→ **Directions**
Only the lines from the line holding "move=> Binc kappa_ge0 xs_gt0 x_ge0." through the final line of the entries below are to be returned, exactly as they stand.

→ **Dataset excerpts**
Lemma monomial_factor m c (Z : 'M[nat]_(m, c)) (xs x : 'cV[R]_m) i rho :
  (Z i rho)%:R * monomials Z xs x rho 0
  = x i 0 * ((Z i rho)%:R * reduced_monomial Z xs x i rho).
Proof.
rewrite mxE /reduced_monomial; case E : (Z i rho) => [|k].
  by rewrite !mul0r mulr0.
rewrite (bigD1 i) //= [in RHS](bigD1 i) //= eqxx E subn1 /=.
rewrite (eq_bigr (fun l => (x l 0 / xs l 0) ^+ (Z l rho - (l == i)))).
  by rewrite exprS; ring.
by move=> l /negbTE ->; rewrite subn0.
Qed.

Definition reaction_loss_rate m c r (Z : 'M[nat]_(m, c)) (B : 'M[R]_(c, r))
    (kappa : 'rV[R]_r) (xs x : 'cV[R]_m) i : R :=
  \sum_j kappa 0 j *
    \sum_rho `|B rho j| * ((Z i rho)%:R * reduced_monomial Z xs x i rho).

Lemma reaction_field_ge m c r (Z : 'M[nat]_(m, c)) (B : 'M[R]_(c, r))
    (kappa : 'rV[R]_r) (xs x : 'cV[R]_m) i :
  is_digraph_incidence B -> (forall j, 0 <= kappa 0 j) ->
  (forall l, 0 < xs l 0) -> (forall l, 0 <= x l 0) ->
  - (x i 0 * reaction_loss_rate Z B kappa xs x i)
  <= reaction_field Z B kappa xs x i 0.
Proof.
move=> Binc kappa_ge0 xs_gt0 x_ge0.
rewrite /reaction_field mulNmx mxE mulmx_diag_trmxE lerN2 mulr_sumr.
apply: ler_sum => j _; rewrite [X in _ <= X]mulrCA.
apply: ler_wpM2l => //; rewrite mulr_sumr.
under [X in _ <= X]eq_bigr do rewrite mulrCA -monomial_factor.
have -> : (map_mx (fun k : nat => k%:R) Z *m B) i j
    = \sum_rho B rho j * (Z i rho)%:R.
  by rewrite mxE; apply: eq_bigr => rho _; rewrite mxE mulrC.
have -> : (B^T *m monomials Z xs x) j 0
    = \sum_rho B rho j * monomials Z xs x rho 0.
  by rewrite mxE; apply: eq_bigr => rho _; rewrite mxE.
apply: incidence_sum_mul_le => [|rho|rho]; first exact: Binc.
  exact: ler0n.
rewrite mxE; apply: prodr_ge0 => l _.
by rewrite exprn_ge0 // divr_ge0 // ltW.
Qed.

→ **Response**
move=> Binc kappa_ge0 xs_gt0 x_ge0.
rewrite /reaction_field mulNmx mxE mulmx_diag_trmxE lerN2 mulr_sumr.
apply: ler_sum => j _; rewrite [X in _ <= X]mulrCA.
apply: ler_wpM2l => //; rewrite mulr_sumr.
under [X in _ <= X]eq_bigr do rewrite mulrCA -monomial_factor.
have -> : (map_mx (fun k : nat => k%:R) Z *m B) i j
    = \sum_rho B rho j * (Z i rho)%:R.
  by rewrite mxE; apply: eq_bigr => rho _; rewrite mxE mulrC.
have -> : (B^T *m monomials Z xs x) j 0
    = \sum_rho B rho j * monomials Z xs x rho 0.
  by rewrite mxE; apply: eq_bigr => rho _; rewrite mxE.
apply: incidence_sum_mul_le => [|rho|rho]; first exact: Binc.
  exact: ler0n.
rewrite mxE; apply: prodr_ge0 => l _.
by rewrite exprn_ge0 // divr_ge0 // ltW.
Qed.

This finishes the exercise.